Saved entries:
Lemma mx_rcancel (S : idomainType) m n (A : 'M[S]_n) (X Y : 'M[S]_(m, n)) :
  \det A != 0 -> X *m A = Y *m A -> X = Y.
Proof.
move=> dA /(congr1 (mulmx^~ (\adj A))); rewrite -!mulmxA mul_mx_adj !mul_mx_scalar.
by move=> /matrixP e; apply/matrixP => i j; have := e i j; rewrite !mxE => /mulfI; apply.
Qed.

(* V = c F^-1 is determined by F as soon as F is invertible. *)
Lemma intertwine_V_of_F (S : idomainType) (s : {rmorphism S -> S}) (si : S -> S)
  m n (P : 'M[S]_(n, m)) (A1 B1 : 'M[S]_m) (A2 B2 : 'M[S]_n) (c : S) :
  cancel s si -> cancel si s ->
  A1 *m map_mx s B1 = c%:M -> A2 *m map_mx s B2 = c%:M -> \det A2 != 0 ->
  P *m A1 = A2 *m map_mx s P -> P *m B1 = B2 *m map_mx si P.
Proof.
move=> ssi sis h1 h2 dA hP; apply: (can_inj (map_mx_cancel ssi)).
rewrite !map_mxM (map_mx_cancel sis); apply: (mx_lcancel dA).
by rewrite !mulmxA -hP -mulmxA h1 h2 mul_mx_scalar mul_scalar_mx.
Qed.

Lemma intertwine_inv (S : comNzRingType) (s : {rmorphism S -> S}) m n
  (phi : 'M[S]_(n, m)) (psi : 'M[S]_(m, n)) (A : 'M[S]_m) (A' : 'M[S]_n) :
  phi *m psi = 1%:M -> psi *m phi = 1%:M ->
  phi *m A = A' *m map_mx s phi -> psi *m A' = A *m map_mx s psi.
Proof.
move=> pq qp h; have e : map_mx s phi *m map_mx s psi = 1%:M by rewrite -map_mxM pq map_mx1.
by rewrite -[LHS]mulmx1 -e mulmxA -(mulmxA psi) -h mulmxA qp mul1mx.
Qed.
(* [E e^(-K y)] is nonincreasing to the right of [z0] and [E e^(K y)] is
   nondecreasing to its left. *)
Lemma gronwall_vanish E E' K lo hi z0 z : 0 <= K ->
  (forall y, derivable_pt_lim E y (E' y)) ->
  (forall y, lo <= y <= hi -> Rabs (E' y) <= K * E y) ->
  (forall y, 0 <= E y) -> lo <= z0 <= hi -> lo <= z <= hi -> E z0 = 0 -> E z = 0.
Proof.
  intros HK Hd Hb Hpos Hz0 Hz HE0.
  apply Rle_antisym; [|apply Hpos].
  destruct (Rle_or_lt z0 z) as [Hle|Hlt].
  - assert (HF : E z * exp (- K * z) <= E z0 * exp (- K * z0) + 0 * (z - z0)).
    { apply (mvt_upper_bound (fun y => E y * exp (- K * y))
               (fun y => E' y * exp (- K * y) + E y * (exp (- K * y) * (- K)))); [exact Hle| |].
      - intros y _. apply (derivable_pt_lim_mult E (fun y => exp (- K * y))).
        + apply Hd.
        + apply derivable_pt_lim_exp_scal.
      - intros y Hy. assert (Hby : Rabs (E' y) <= K * E y) by (apply Hb; lra).
        apply Rabs_le_between in Hby. pose proof (exp_pos (- K * y)).
        assert ((E' y - K * E y) * exp (- K * y) <= 0) by (apply Rmult_le_0_r; lra).
        nra. }
    rewrite HE0 in HF. pose proof (exp_pos (- K * z)). nra.
  - assert (HF : E z * exp (K * z) + 0 * (z0 - z) <= E z0 * exp (K * z0)).
    { apply (mvt_lower_bound (fun y => E y * exp (K * y))
               (fun y => E' y * exp (K * y) + E y * (exp (K * y) * K))); [lra| |].
      - intros y _. apply (derivable_pt_lim_mult E (fun y => exp (K * y))).
        + apply Hd.
        + apply derivable_pt_lim_exp_scal.
      - intros y Hy. assert (Hby : Rabs (E' y) <= K * E y) by (apply Hb; lra).
        apply Rabs_le_between in Hby. pose proof (exp_pos (K * y)).
        assert (0 <= (E' y + K * E y) * exp (K * y)) by (apply Rmult_le_pos; lra).
        nra. }
    rewrite HE0 in HF. pose proof (exp_pos (K * z)). nra.
Qed.

Lemma linear_ode2_energy_bound u v p q P Q : Rabs p <= P -> Rabs q <= Q ->
  Rabs (2 * u * v * (1 - q) - 2 * p * v * v) <= (1 + Q + 2 * P) * (u * u + v * v).
Proof.
  intros Hp Hq.
  assert (Huv : Rabs (2 * u * v) <= u * u + v * v).
  { apply Rabs_le. pose proof (pow2_ge_0 (u + v)). pose proof (pow2_ge_0 (u - v)). split; nra. }
  assert (Hq1 : Rabs (1 - q) <= 1 + Q).
  { eapply Rle_trans; [apply Rabs_triang|]. rewrite Rabs_Ropp, Rabs_R1. lra. }
  assert (HP : 0 <= P) by (eapply Rle_trans; [apply Rabs_pos|exact Hp]).
  assert (H1 : Rabs (2 * u * v * (1 - q)) <= (u * u + v * v) * (1 + Q)).
  { rewrite Rabs_mult. apply Rmult_le_compat; auto using Rabs_pos. }
  assert (H2 : Rabs (2 * p * v * v) <= P * (2 * (v * v))).
  { replace (2 * p * v * v) with (p * (2 * (v * v))) by ring.
    rewrite Rabs_mult, (Rabs_right (2 * (v * v))) by nra.
    apply Rmult_le_compat_r; nra. }
  eapply Rle_trans; [apply Rabs_triang|]. rewrite Rabs_Ropp. nra.
Qed.

Section LinearODE2.

Variables (U U1 U2 p q : R -> R).
Hypothesis dU : forall y, derivable_pt_lim U y (U1 y).
Hypothesis dU1 : forall y, derivable_pt_lim U1 y (U2 y).
Hypothesis p_cont : forall y, continuity_pt p y.
Hypothesis q_cont : forall y, continuity_pt q y.
Hypothesis ode : forall y, U2 y = - p y * U1 y - q y * U y.

(* Gronwall applied to the energy [U^2 + U'^2]. *)
Lemma linear_ode2_zero z0 : U z0 = 0 -> U1 z0 = 0 -> forall z, U z = 0.
Proof.
  intros Uz0 U1z0 z.
  set (lo := Rmin z0 z). set (hi := Rmax z0 z).
  assert (Hlh : lo <= hi) by (unfold lo, hi; eapply Rle_trans; [apply Rmin_l|apply Rmax_l]).
  destruct (continuous_bounded_on_segment p lo hi Hlh p_cont) as [P [HP HPb]].
  destruct (continuous_bounded_on_segment q lo hi Hlh q_cont) as [Q [HQ HQb]].
  assert (HE : U z * U z + U1 z * U1 z = 0).
  { apply (gronwall_vanish (fun y => U y * U y + U1 y * U1 y)
             (fun y => U1 y * U y + U y * U1 y + (U2 y * U1 y + U1 y * U2 y))
             (1 + Q + 2 * P) lo hi z0 z).
    - lra.
    - intro y. apply (derivable_pt_lim_plus (fun y => U y * U y) (fun y => U1 y * U1 y));
        apply derivable_pt_lim_mult; auto.
    - intros y Hy. rewrite ode.
      replace (U1 y * U y + U y * U1 y + ((- p y * U1 y - q y * U y) * U1 y
                 + U1 y * (- p y * U1 y - q y * U y)))
        with (2 * U y * U1 y * (1 - q y) - 2 * p y * U1 y * U1 y) by ring.
      apply linear_ode2_energy_bound; auto.
    - intro y. nra.
    - split; [apply Rmin_l|apply Rmax_l].
    - split; [apply Rmin_r|apply Rmax_r].
    - rewrite Uz0, U1z0. ring. }
  nra.
Qed.

(* A zero of a nonnegative [U] is a minimum, hence also a zero of [U']. *)
Lemma linear_ode2_nonneg_pos z1 :
  (forall y, 0 <= U y) -> 0 < U z1 -> forall z, 0 < U z.
Proof.
  intros Unn Uz1 z. destruct (Rle_or_lt (U z) 0) as [Hz|Hz]; [exfalso|exact Hz].
  assert (Uz : U z = 0) by (pose proof (Unn z); lra).
  assert (U1z : U1 z = 0).
  { apply (deriv_minimum U (z - 1) (z + 1) z (exist _ (U1 z) (dU z))); [lra|lra|].
    intros. rewrite Uz. apply Unn. }
  pose proof (linear_ode2_zero z Uz U1z z1). lra.
Qed.

End LinearODE2.

(* Two mean value steps: [V'(xi) = V(y+1) - V(y)] for some [xi] in [[y, y+1]],
   and [V'(y)] differs from [V'(xi)] by at most [sup |V''|]. *)
Lemma is_lim_deriv_p_infty V V1 V2 :
  (forall y, derivable_pt_lim V y (V1 y)) ->
  (forall y, derivable_pt_lim V1 y (V2 y)) ->
  is_lim V p_infty 0 -> is_lim V2 p_infty 0 -> is_lim V1 p_infty 0.
Proof.
  intros dV dV1 LV LV2. apply is_lim_spec. intro eps.
  destruct (proj2 (is_lim_spec _ _ _) LV (mkposreal (eps / 3) ltac:(destruct eps; simpl; lra)))
    as [M0 HM0].
  destruct (proj2 (is_lim_spec _ _ _) LV2 (mkposreal (eps / 3) ltac:(destruct eps; simpl; lra)))
    as [M2 HM2].
  simpl in HM0, HM2. exists (Rmax M0 M2). intros y Hy.
  pose proof (Rmax_l M0 M2). pose proof (Rmax_r M0 M2).
  destruct (MVT_cor2 V V1 y (y + 1)) as [xi [Hxi Hyxi]]; [lra|intros; apply dV|].
  destruct (MVT_cor2 V1 V2 y xi) as [eta [Heta Hyeta]]; [lra|intros; apply dV1|].
  assert (A1 : Rabs (V (y + 1) - 0) < eps / 3) by (apply HM0; lra).
  assert (A2 : Rabs (V y - 0) < eps / 3) by (apply HM0; lra).
  assert (A3 : Rabs (V2 eta - 0) < eps / 3) by (apply HM2; lra).
  apply Rabs_def2 in A1, A2, A3.
  replace (y + 1 - y) with 1 in Hxi by ring.
  apply Rabs_def1; nra.
Qed.
Lemma is_series_residual_pad M x :
  is_series (fun n => coef_b (S n) * residual_rate (psum (pad (S M) x) (S n)))
            (sum_n_m (fun k => coef_b k * residual_rate (psum x k)) 1 (S M)
             + coef_c (S M) * residual_rate (psum x (S M))).
Proof.
  rewrite <- sum_n_m_S.
  rewrite (sum_n_m_ext_loc _ (fun k => coef_b (S k) * residual_rate (psum (pad (S M) x) (S k))));
    [|intros k Hk; rewrite psum_pad, Nat.min_l by lia; reflexivity].
  apply is_series_from_tail.
  assert (Hq : Rabs (1 - p) < 1) by (rewrite Rabs_pos_eq; lra).
  assert (G := is_series_scal_r (coef_b (S (S M)) * residual_rate (psum x (S M))) _ _
                 (is_series_geom _ Hq)).
  replace (coef_c (S M) * residual_rate (psum x (S M)))
    with (/ (1 - (1 - p)) * (coef_b (S (S M)) * residual_rate (psum x (S M)))).
  - eapply is_series_ext; [|exact G]. intros k. simpl.
    rewrite psum_pad, Nat.min_r by lia. unfold coef_b.
    replace (S (S (M + k)) + w - 1)%nat with (k + (S (S M) + w - 1))%nat by lia.
    rewrite pow_add. ring.
  - unfold coef_b, coef_c. replace (S (S M) + w - 1)%nat with (S M + w)%nat by lia.
    field. lra.
Qed.

Lemma T_N_objective N x : (1 <= N)%nat -> T_N p gamma B w N x = T_head + objective N x.
Proof.
  intros HN. destruct N as [|M]; [lia|]. unfold T_N, T_inf.
  erewrite !is_series_unique by (apply is_series_residual_pad || apply is_series_rate_pad).
  unfold T_head, objective. ring.
Qed.

(** * Local perturbations and marginal gains *)

Lemma ln2_pos : 0 < ln 2.
Proof. rewrite <- ln_1. apply ln_increasing; lra. Qed.

Definition transfer_local (x : nat -> R) (j : nat) (e : R) : R :=
  coef_a j * rate (x j + e) + coef_a (S j) * rate (x (S j) - e)
  + coef_b j * residual_rate (psum x j + e).

Definition last_local (N : nat) (x : nat -> R) (e : R) : R :=
  coef_a N * rate (x N + e) + (coef_b N + coef_c N) * residual_rate (psum x N + e).

Lemma objective_transfer N x j e : (1 <= j)%nat -> (j < N)%nat ->
  objective N (transfer x j e) = objective N x + (transfer_local x j e - transfer_local x j 0).
Proof.
  intros Hj HjN. unfold objective.
  rewrite (sum_n_m_bump (fun i t => coef_a i * rate t) (bump x j e) (transfer x j e) (S j) (- e))
    by (lia || reflexivity).
  rewrite (sum_n_m_bump (fun i t => coef_a i * rate t) x (bump x j e) j e) by (lia || reflexivity).
  rewrite (sum_n_m_bump (fun i t => coef_b i * residual_rate t) (psum x) (psum (transfer x j e)) j e)
    by (lia || (intros; apply psum_transfer; lia)).
  rewrite psum_transfer by lia. unfold bump, transfer_local.
  destruct (Nat.eqb_spec N j), (Nat.eqb_spec (S j) j); [lia ..|].
  rewrite !Rplus_0_r, Rminus_0_r. unfold Rminus. ring.
Qed.

Lemma objective_bump_last N x e : (1 <= N)%nat ->
  objective N (bump x N e) = objective N x + (last_local N x e - last_local N x 0).
Proof.
  intros HN. unfold objective.
  rewrite (sum_n_m_bump (fun i t => coef_a i * rate t) x (bump x N e) N e) by (lia || reflexivity).
  rewrite (sum_n_m_bump (fun i t => coef_b i * residual_rate t) (psum x) (psum (bump x N e)) N e)
    by (lia || (intros; apply psum_bump_upto; lia)).
  rewrite psum_bump_upto by lia. unfold bump, last_local.
  rewrite Nat.eqb_refl, !Rplus_0_r. ring.
Qed.

Definition drate (t : R) : R := gamma / ((1 + gamma * t) * ln 2).
Definition marginal (j : nat) (t : R) : R := coef_a j * drate t.
Definition residual_marginal (s : R) : R := drate ((B - s) / INR w) / INR w.

Definition transfer_gain (x : nat -> R) (j : nat) : R :=
  marginal j (x j) - marginal (S j) (x (S j)) - coef_b j * residual_marginal (psum x j).
Lemma flow_closed_Supp_le K :
  in_family B A K -> (forall x, x \in A -> m <= Supp K x) -> flow_closed A m K ->
  Supp K c <= m.
Proof.
move=> famK m_le closed; apply: Rnot_lt_le => m_lt_c.
have cA : c \in A by rewrite setU11.
pose E := tight A m K.
have [|x0 /setDP[x0A x0E] x0_min] := @set_argminR _ (A :\: E) (Supp K) c.
  by rewrite in_setD cA andbT inE cA; apply/negP => /RlebP; lra.
pose d := Supp K x0.
have m_lt_d : m < d by move: x0E; rewrite inE x0A => /RlebP/Rnot_le_lt.
have d_le x : x \in A -> x \notin E -> d <= Supp K x.
  by move=> xA xE; apply: x0_min; rewrite inE xA xE.
have K_sep (y : {set C}) x : x \in A -> x \notin E -> y :&: E != set0 -> K y x = 0.
  move=> xA xE /set0Pn[z /setIP[zy]]; rewrite inE => /andP[zA /RlebP z_le].
  have m_lt_x : m < Supp K x by move: xE; rewrite inE xA => /RlebP/Rnot_le_lt.
  have [Kyx|//] := Rle_lt_or_eq_dec _ _ (proj1 famK y x xA).
  by have := closed y x z xA m_lt_x Kyx zA zy; lra.
have cE : c \notin E by rewrite inE cA; apply/RlebP; lra.
have chain j : (j <= i)%N -> d <= maxMin B (c |: chosen w j).
  have sub k : (k <= i)%N -> c |: chosen w k \subset A by move=> ki; apply/setUS/chosen_mono.
  elim: j => [_|j IHj ji].
    apply: (maxMin_ge_glue famK K_sep d_le (setU11 _ _) (sub 0%N isT)); left.
    apply/setP => x; rewrite chosen0 setU0 in_set0.
    by apply/negbTE/setIP => -[/set1P ->]; apply/negP.
  apply: (maxMin_ge_glue famK K_sep d_le (setU11 _ _) (sub _ ji)).
  have [-> |[q qXE]] := set_0Vmem ((c |: chosen w j.+1) :&: E); [by left | right].
  have sub_chosen : (c |: chosen w j.+1) :&: E \subset chosen w j.+1.
    apply/subsetP => x /setIP[/setU1P[->|//] xE]; by rewrite xE in cE.
  apply: (Rle_trans _ _ _ _ (maxMin_antimono B qXE sub_chosen)).
  apply: (Rle_trans _ _ _ (IHj (ltnW ji)) (maxMin_ODH_step _ _ (s_chosen ji))).
    exact: ltn_trans ji i_lt_S.
  by apply: contra c_notin; apply/subsetP/chosen_mono/ltnW.
by have : d <= m := chain i (leqnn i); lra.
Qed.

End ODHRun.

Theorem theorem2 (C : finType) (nV S : nat) (B : {set C} -> nat)
  (hS1 : (1 <= S)%N) (hSC : (S <= #|C|)%N)
  (hB : (\sum_(A : {set C}) B A <= nV)%N)
  (w : nat -> C) (hrun : is_ODH_run B S w) :
  forall i, (i < S)%N ->
  forall c, c \notin chosen w i ->
  forall F, in_opt_family B (c |: chosen w i) F ->
    Supp F c = maxMin B (c |: chosen w i).
Proof.
move=> i; elim/ltn_ind: i => i IHi i_lt_S c c_notin F [famF F_opt].
have s_chosen j : (j < i)%N -> forall F', in_opt_family B (w j |: chosen w j) F' ->
    Supp F' (w j) = maxMin B (w j |: chosen w j).
  move=> ji; have j_lt_S := ltn_trans ji i_lt_S.
  exact: IHi ji j_lt_S _ (proj1 (hrun j j_lt_S)).
apply: Rle_antisym; last by apply: F_opt; rewrite setU11.
apply: Rnot_lt_le => m_lt_c.
have [K [famK m_le m_lt_cK closed]] := exists_flow_closed famF F_opt m_lt_c.
by have := flow_closed_Supp_le hrun i_lt_S s_chosen c_notin famK m_le closed; lra.
Qed.
Lemma edge_new_of_Rw : Rw z ->
  exists d', d' \in forth_request /\ forall v, v \in d' <-> ((exists i, w i = v) /\ v <> y).
Proof.
move=> Rz.
have old_dom v : (exists i, z i = v /\ v <> x) -> in_list v (map fst ps).
  by move=> [i [<- nzi]]; apply/in_list_dom; exists (w i); exact: old_vertex.
have [d [d_sub Hd]] := sublists_complete old_dom.
exists (map (partner ps) d); split.
  apply/mem_map_filter; exists d; split=> //; split=> //; apply/asboolP.
  exists z; split=> //; split=> // v; rewrite Hd; split=> [[i <-]|[->|[i [<- _]]]].
  - by have [->|nzi] := pselect (z i = x); [left|right; exists i].
  - by exists i0.
  - by exists i.
move=> v; rewrite mem_map_in_list; split=> [[a [/Hd [i [<- nzi]] ->]]|[[i <-] nwy]].
  by rewrite partner_old //; split; [exists i|move/new_vertex].
have nzi : z i <> x by move/new_vertex.
by exists (z i); split; [apply/Hd; exists i|rewrite partner_old].
Qed.

Lemma Rw_of_edge_new d' : d' \in forth_request ->
  (forall v, v \in d' <-> ((exists i, w i = v) /\ v <> y)) -> Rw z.
Proof.
have [ps_pairs _] := ps_iso.
move=> /mem_map_filter [d [d_sub [/asboolP [z' [z'_inj [Rz' z'_range]]] ->]]] Hd'.
have old_in v : in_list v d -> exists b, in_list (v, b) ps.
  by move=> vd; apply/in_list_dom; exact: sublists_sub d_sub v vd.
have same_range v : (exists i, z i = v) <-> (exists i, z' i = v).
  rewrite z'_range; split=> [[i <-]|[->|vd]]; last 2 first.
  - by exists i0.
  - have [b vb] := old_in v vd.
    have : partner ps v \in map (partner ps) d by apply/mem_map_in_list; exists v.
    move/Hd' => [[i wi] nwy]; have nzi : z i <> x by move/new_vertex; rewrite wi.
    by exists i; apply/(ps_pairs _ _ _ _ (old_vertex nzi) (partnerP vb)); rewrite wi.
  have [->|nzi] := pselect (z i = x); [by left|right].
  have : w i \in map (partner ps) d by apply/Hd'; split; [exists i|move/new_vertex].
  move/mem_map_in_list => [a [ad pa]]; have [b ab] := old_in a ad.
  by rewrite (_ : z i = a) //; apply/(ps_pairs _ _ _ _ (old_vertex nzi) (partnerP ab)).
have [s Hs] := perm_of_same_range z'_inj z_inj (fun v => iff_sym (same_range v)).
by rewrite (_ : z = z' \o s); [exact: (proj2 Rw_hypergraph)|apply: funext => i; rewrite Hs].
Qed.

Work required -
Print only the lines from the top of the data above down to the line holding "move=> dA /(congr1", inclusive.

Task result -
Lemma mx_rcancel (S : idomainType) m n (A : 'M[S]_n) (X Y : 'M[S]_(m, n)) :
  \det A != 0 -> X *m A = Y *m A -> X = Y.
Proof.
move=> dA /(congr1 (mulmx^~ (\adj A))); rewrite -!mulmxA mul_mx_adj !mul_mx_scalar.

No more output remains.